Well, I saw two more films at the Sarasota Film Festival, the Danish film Stealing Rembrandt which had it's US premiere Saturday, and Bedwin Hacker from Tunisia. It's kind of cool to be able to go see movies that almost no one has seen yet, in a movie snob sort of way. Yesterday when I went with my brother to see Stealing Rembrandt, he thought it was pretty funny because everybody who was waiting in line was clearly wealthy, retiree, artsy snob type who were all dressed up, probably just because it was a film festival that they were at. We were both a good thirty years younger than anybody else there. Any time I've gone to a movie around here that's artsy or foreign, my siblings and I are always the youngest people, by far, in the theater.
Bedwin Hacker is the first movie I've seen where computers and hacking were involved that I didn't sit there the whole time thinking how ridiculous the movie is. The film centers around a woman in Tunisia who is hacking into satellite transmissions to send what were basically Tunisian nationalist messages over the French airwaves (I didn't realize this was possible, but apparently, it's happened before). Not knowing enough about Tunisian history and Tunisian/French relations, the motivations for hacking didn't entirely make sense, though it seemed to be partly motivated by French crackdown on illegal Tunisian immigration, and partly a way of encouraging Tunisian's living in France to embrace their national and ethnic pride. As Kalt, the hacker, is wreaking havoc (and becoming a Kevin Mitnick style folk hero), the French police are trying to figure out who is doing it, and to track her down. One interesting thing about the movie is that all of the computer-savvy people are women--Kalt, her 10 yr old niece who is also involved in hacking the satellite systems, and the French intelligence agent who's trying to catch them. In America, the stereotype is of the teenage pizza-eating male hacker, but here you have a movie from Tunisia, of all places, where you find female geeks. If Bedwin Hacker makes it into any theaters or on video in the US (I don't think it has a US distributor yet), I would recommend watching it.

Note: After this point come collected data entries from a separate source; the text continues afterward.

(* Let $f\in\mathcal{H}^2_{\omega}$. For an integer $k\geq1$ and $\lambda\in\mathbb{C}$ put $g_{k,\lambda}(z)=z^k+\lambda$. The following are equivalent: (i) $f$ is $\mathcal{H}^2_{\omega}$-inner; (ii) $\|f\|=1$ and for every integer $k\geq 1$ at least one of the following holds: (C1) there is a constant $C_k$ with $\|fg_{k,\lambda}\|^2\leq C_k+|\lambda|^2$ for all $\lambda\in\mathbb{C}$; (C2) there is a constant $D_k$ with $\|fg_{k,\lambda}\|^2\geq D_k+|\lambda|^2$ for all $\lambda\in\mathbb{C}$; (iii) $\|f\|=1$ and $|p(0)|\leq\|pf\|$ for every polynomial $p\in\mathbb{C}[z]$.
   Context: Let $\omega=\{\omega_n\}_{n\geq 0}$ be a sequence of positive reals with $\omega_0=1$ and $\lim_{n\to\infty}\omega_{n+1}/\omega_n=1$. $\mathcal{H}^2_{\omega}$ is the Hilbert space of power series $f(z)=\sum_{n\ge0}a_nz^n$ with $\|f\|^2=\sum_{n\geq0}\omega_n|a_n|^2<\infty$ and inner product $\langle f,g\rangle=\sum_n\omega_na_n\overline{b_n}$ for $g=\sum b_nz^n$; its elements are holomorphic on the unit disk $\mathbb{D}$. A function $f\in\mathcal{H}^2_{\omega}$ is $\mathcal{H}^2_{\omega}$-inner if $\|f\|=1$ and $\langle z^mf,f\rangle=0$ for all integers $m\geq1$. *)

From Stdlib Require Import Reals Lra List.
Open Scope R_scope.

Definition Cpx : Type := (R * R)%type.
Definition C0 : Cpx := (0, 0).
Definition C1 : Cpx := (1, 0).
Definition Cadd (z w : Cpx) : Cpx := (fst z + fst w, snd z + snd w).
Definition Cmul (z w : Cpx) : Cpx :=
  (fst z * fst w - snd z * snd w, fst z * snd w + snd z * fst w).
Definition Cconj (z : Cpx) : Cpx := (fst z, - snd z).
Definition Cnorm2 (z : Cpx) : R := fst z ^ 2 + snd z ^ 2.
Definition Cmod (z : Cpx) : R := sqrt (Cnorm2 z).

(* Power series are represented by their coefficient sequences nat -> Cpx. *)

Definition weight (w : nat -> R) : Prop :=
  (forall n, 0 < w n) /\ w 0%nat = 1 /\ Un_cv (fun n => w (S n) / w n) 1.

Definition norm2_is (w : nat -> R) (a : nat -> Cpx) (l : R) : Prop :=
  infinite_sum (fun n => w n * Cnorm2 (a n)) l.

Definition in_H2 (w : nat -> R) (a : nat -> Cpx) : Prop :=
  exists l, norm2_is w a l.

Definition inner_is (w : nat -> R) (a b : nat -> Cpx) (l : Cpx) : Prop :=
  infinite_sum (fun n => w n * fst (Cmul (a n) (Cconj (b n)))) (fst l) /\
  infinite_sum (fun n => w n * snd (Cmul (a n) (Cconj (b n)))) (snd l).

(* coefficients of z^m f *)
Definition shift (m : nat) (a : nat -> Cpx) (n : nat) : Cpx :=
  if Nat.ltb n m then C0 else a (n - m)%nat.

(* Polynomials as coefficient lists [p_0; p_1; ...; p_d]. *)
Definition cpoly := list Cpx.

Fixpoint polymul (p : cpoly) (a : nat -> Cpx) : nat -> Cpx :=
  match p with
  | nil => fun _ => C0
  | c :: p' => fun n => Cadd (Cmul c (a n)) (shift 1 (polymul p' a) n)
  end.

Definition peval0 (p : cpoly) : Cpx := hd C0 p.

Definition gkl (k : nat) (lam : Cpx) : cpoly :=
  lam :: (repeat C0 (k - 1) ++ (C1 :: nil)).

Definition is_inner (w : nat -> R) (a : nat -> Cpx) : Prop :=
  norm2_is w a 1 /\
  forall m : nat, (1 <= m)%nat -> inner_is w (shift m a) a C0.

(* Everything reduces to one identity: for q = <z^k f, f>,
   ||(z^k + lam) f||^2 = |lam|^2 ||f||^2 + ||z^k f||^2 + 2 Re(lam * conj q).
   If f is inner, q = 0 and the right side is |lam|^2 + const, giving (C1) and (C2).
   Conversely a real-linear function of lam that is bounded on one side vanishes,
   so either (C1) or (C2) forces q = 0.  For (iii), writing p = p(0) + z p1 and
   using that z^m f is orthogonal to f for every m >= 1 (hence so is z p1 f),
   ||p f||^2 = |p(0)|^2 + ||z p1 f||^2 >= |p(0)|^2; conversely (iii) applied to
   g_{k,lam} is (C2) with D_k = 0. *)
From Coquelicot Require Import Coquelicot.
From Stdlib Require Import Reals List Lra Lia Psatz FunctionalExtensionality.
Open Scope R_scope.

Lemma infinite_sum_ext u v l :
  (forall n, u n = v n) -> infinite_sum u l -> infinite_sum v l.
Proof.
  intros Huv Hu. replace v with u; auto. apply functional_extensionality; auto.
Qed.

Lemma infinite_sum_plus u v lu lv : infinite_sum u lu -> infinite_sum v lv ->
  infinite_sum (fun n => u n + v n) (lu + lv).
Proof.
  intros Hu Hv. apply is_series_Reals in Hu, Hv. apply is_series_Reals.
  exact (is_series_plus _ _ _ _ Hu Hv).
Qed.

Lemma infinite_sum_scal u lu x : infinite_sum u lu ->
  infinite_sum (fun n => x * u n) (x * lu).
Proof.
  intros Hu. apply is_series_Reals in Hu. apply is_series_Reals.
  exact (is_series_scal x _ _ Hu).
Qed.

Lemma infinite_sum_lincomb4 (u v t r s : nat -> R) lu lv lt lr x y z l :
  infinite_sum u lu -> infinite_sum v lv -> infinite_sum t lt -> infinite_sum r lr ->
  (forall n, s n = x * u n + y * v n + z * t n + r n) ->
  l = x * lu + y * lv + z * lt + lr -> infinite_sum s l.
Proof.
  intros Hu Hv Ht Hr Hs ->.
  apply (infinite_sum_ext (fun n => x * u n + y * v n + z * t n + r n)); auto.
  repeat apply infinite_sum_plus; auto; apply infinite_sum_scal; auto.
Qed.

Lemma infinite_sum_0 : infinite_sum (fun _ => 0) 0.
Proof.
  intros eps Heps. exists 0%nat. intros n _.
  replace (sum_f_R0 (fun _ => 0) n) with 0
    by (induction n as [|n IH]; simpl; [|rewrite <- IH]; lra).
  unfold R_dist. rewrite Rminus_0_r, Rabs_R0. lra.
Qed.

Lemma infinite_sum_ge0 s l : (forall n, 0 <= s n) -> infinite_sum s l -> 0 <= l.
Proof.
  intros Hs Hl. destruct (Rle_lt_dec 0 l) as [|Hneg]; auto.
  destruct (Hl (- l)) as [N HN]; [lra|].
  specialize (HN N (le_n _)). pose proof (cond_pos_sum s N Hs).
  unfold R_dist in HN. rewrite Rabs_right in HN; lra.
Qed.

Lemma in_H2_ex_series w a : in_H2 w a <-> ex_series (fun n => w n * Cnorm2 (a n)).
Proof. split; intros [l Hl]; exists l; apply is_series_Reals; auto. Qed.

Lemma Cnorm2_ge0 z : 0 <= Cnorm2 z.
Proof. unfold Cnorm2. nra. Qed.

Lemma Cmul_conj_bound b a :
  Rabs (fst (Cmul b (Cconj a))) <= Cnorm2 b + Cnorm2 a /\
  Rabs (snd (Cmul b (Cconj a))) <= Cnorm2 b + Cnorm2 a.
Proof.
  destruct b as [b1 b2], a as [a1 a2]; unfold Cnorm2, Cmul, Cconj; simpl.
  pose proof (pow2_ge_0 (b1 - a1)); pose proof (pow2_ge_0 (b1 + a1)).
  pose proof (pow2_ge_0 (b2 - a2)); pose proof (pow2_ge_0 (b2 + a2)).
  pose proof (pow2_ge_0 (b1 - a2)); pose proof (pow2_ge_0 (b1 + a2)).
  pose proof (pow2_ge_0 (b2 - a1)); pose proof (pow2_ge_0 (b2 + a1)).
  split; apply Rabs_le; split; nra.
Qed.

Lemma norm2_is_ge0 w a l : weight w -> norm2_is w a l -> 0 <= l.
Proof.
  intros [Hpos _]. apply infinite_sum_ge0. intros n.
  apply Rmult_le_pos; [apply Rlt_le, Hpos | apply Cnorm2_ge0].
Qed.

Lemma norm2_is_C0 w : norm2_is w (fun _ => C0) 0.
Proof.
  apply (infinite_sum_ext (fun _ => 0)); [|exact infinite_sum_0].
  intros n. unfold Cnorm2; simpl. ring.
Qed.

Lemma inner_is_unique w b a I J : inner_is w b a I -> inner_is w b a J -> I = J.
Proof.
  destruct I, J. intros [H1 H2] [H3 H4]. simpl in *.
  rewrite (uniqueness_sum _ _ _ H1 H3), (uniqueness_sum _ _ _ H2 H4). reflexivity.
Qed.

Lemma inner_is_exists w b a : weight w -> in_H2 w b -> in_H2 w a ->
  exists I, inner_is w b a I.
Proof.
  intros [Hpos _] Hb Ha. apply in_H2_ex_series in Hb, Ha.
  assert (Hsum : ex_series (fun n => plus (w n * Cnorm2 (b n)) (w n * Cnorm2 (a n))))
    by exact (ex_series_plus (V := R_NormedModule) _ _ Hb Ha).
  assert (Hdom : forall proj : Cpx -> R,
    (forall n, Rabs (proj (Cmul (b n) (Cconj (a n)))) <= Cnorm2 (b n) + Cnorm2 (a n)) ->
    ex_series (fun n => w n * proj (Cmul (b n) (Cconj (a n))))).
  { intros proj Hproj. apply (@ex_series_le _ R_CompleteNormedModule) with (2 := Hsum).
    intros n. change (Rabs (w n * proj (Cmul (b n) (Cconj (a n))))
      <= w n * Cnorm2 (b n) + w n * Cnorm2 (a n)).
    rewrite Rabs_mult, Rabs_right by (apply Rle_ge, Rlt_le, Hpos).
    rewrite <- Rmult_plus_distr_l.
    apply Rmult_le_compat_l; [apply Rlt_le, Hpos | apply Hproj]. }
  destruct (Hdom fst (fun n => proj1 (Cmul_conj_bound (b n) (a n)))) as [l1 H1].
  destruct (Hdom snd (fun n => proj2 (Cmul_conj_bound (b n) (a n)))) as [l2 H2].
  exists (l1, l2). split; apply is_series_Reals; auto.
Qed.

Lemma norm2_is_scale_add w a b c A B I :
  norm2_is w a A -> norm2_is w b B -> inner_is w b a I ->
  norm2_is w (fun n => Cadd (Cmul c (a n)) (b n))
    (Cnorm2 c * A + B + 2 * (fst c * fst I + snd c * snd I)).
Proof.
  intros HA HB [H1 H2].
  apply (infinite_sum_lincomb4 _ _ _ _ _ _ _ _ _ (2 * fst c) (2 * snd c) (Cnorm2 c)
           _ H1 H2 HA HB).
  - intros n. unfold Cnorm2, Cadd, Cmul, Cconj; simpl. ring.
  - ring.
Qed.

Lemma weight_ratio_bounded w : weight w ->
  exists K, 0 < K /\ forall n, w (S n) <= K * w n.
Proof.
  intros [Hpos [_ Hcv]].
  assert (Hinit : forall N, exists K, 0 < K /\
    forall n, (n <= N)%nat -> w (S n) / w n <= K).
  { induction N as [|N [K [HK HKn]]].
    - exists (Rmax 1 (w 1%nat / w 0%nat)). split; [apply Rlt_le_trans with 1; [lra | apply Rmax_l]|].
      intros n Hn. replace n with 0%nat by lia. apply Rmax_r.
    - exists (Rmax K (w (S (S N)) / w (S N))).
      split; [apply Rlt_le_trans with K; [lra | apply Rmax_l]|].
      intros n Hn. destruct (Nat.eq_dec n (S N)) as [->|]; [apply Rmax_r|].
      apply Rle_trans with K; [apply HKn; lia | apply Rmax_l]. }
  destruct (Hcv 1) as [N HN]; [lra|].
  destruct (Hinit N) as [K [HK HKn]].
  exists (Rmax K 2). split; [apply Rlt_le_trans with 2; [lra | apply Rmax_r]|].
  intros n. assert (Hratio : w (S n) / w n <= Rmax K 2).
  { destruct (Compare_dec.le_lt_dec n N).
    - apply Rle_trans with K; [auto | apply Rmax_l].
    - specialize (HN n ltac:(lia)). unfold R_dist in HN. apply Rabs_def2 in HN.
      apply Rle_trans with 2; [lra | apply Rmax_r]. }
  pose proof (Hpos n).
  apply (Rmult_le_compat_r (w n)) in Hratio; [|lra].
  unfold Rdiv in Hratio. rewrite Rmult_assoc, Rinv_l, Rmult_1_r in Hratio; lra.
Qed.

Lemma shift_ext m (a b : nat -> Cpx) :
  (forall n, a n = b n) -> forall n, shift m a n = shift m b n.
Proof. intros Hab n. unfold shift. destruct (Nat.ltb n m); auto. Qed.

Lemma shift0 (a : nat -> Cpx) : shift 0 a = a.
Proof.
  apply functional_extensionality. intros n. unfold shift. simpl.
  rewrite Nat.sub_0_r. reflexivity.
Qed.

Lemma shift1_shift j (a : nat -> Cpx) n : shift 1 (shift j a) n = shift (S j) a n.
Proof.
  unfold shift.
  destruct (Nat.ltb_spec n 1); destruct (Nat.ltb_spec n (S j)); try lia; auto;
    destruct (Nat.ltb_spec (n - 1) j); try lia; auto; f_equal; lia.
Qed.

Lemma shift_C0 m n : shift m (fun _ => C0) n = C0.
Proof. unfold shift. destruct (Nat.ltb n m); auto. Qed.

(* The one place the growth condition on the weight is used. *)
Lemma in_H2_shift1 w a : weight w -> in_H2 w a -> in_H2 w (shift 1 a).
Proof.
  intros hw Ha. destruct (weight_ratio_bounded w hw) as [K [HK HKn]].
  destruct hw as [Hpos _].
  apply in_H2_ex_series in Ha. apply in_H2_ex_series, ex_series_incr_1.
  apply (@ex_series_le _ R_CompleteNormedModule) with (fun n => scal K (w n * Cnorm2 (a n))).
  - intros n. change (Rabs (w (S n) * Cnorm2 (shift 1 a (S n))) <= K * (w n * Cnorm2 (a n))).
    unfold shift; simpl. rewrite Nat.sub_0_r.
    pose proof (Cnorm2_ge0 (a n)). pose proof (HKn n). pose proof (Hpos n).
    pose proof (Hpos (S n)). rewrite Rabs_right by nra. nra.
  - exact (ex_series_scal (V := R_NormedModule) K _ Ha).
Qed.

Stealing Rembrandt is inspired by a real-life heist of two paintings from an art museum in Denmark. The erstwhile thieves didn't realize that one of those paintings was in fact the only Rembrandt in Denmark. Stealing Rembrandt takes that story, and turns it into a tale of four small time thieves who acidentally steal the wrong painting when the father and his partner in crime go to lift another painting in a robbery planned by the son and his roommate. It's not so easy to get rid of a Rembrandt when the entire country, the Danish police, Interpol, and crime figures are all trying to find it. It's a very funny movie, though there are also moving dramatic elements mixed in. Judging from the response at the film festival, it might actually have a chance to get picked up by a US distributor, which would be great. If it does make it to theaters, I highly recommend going to see it.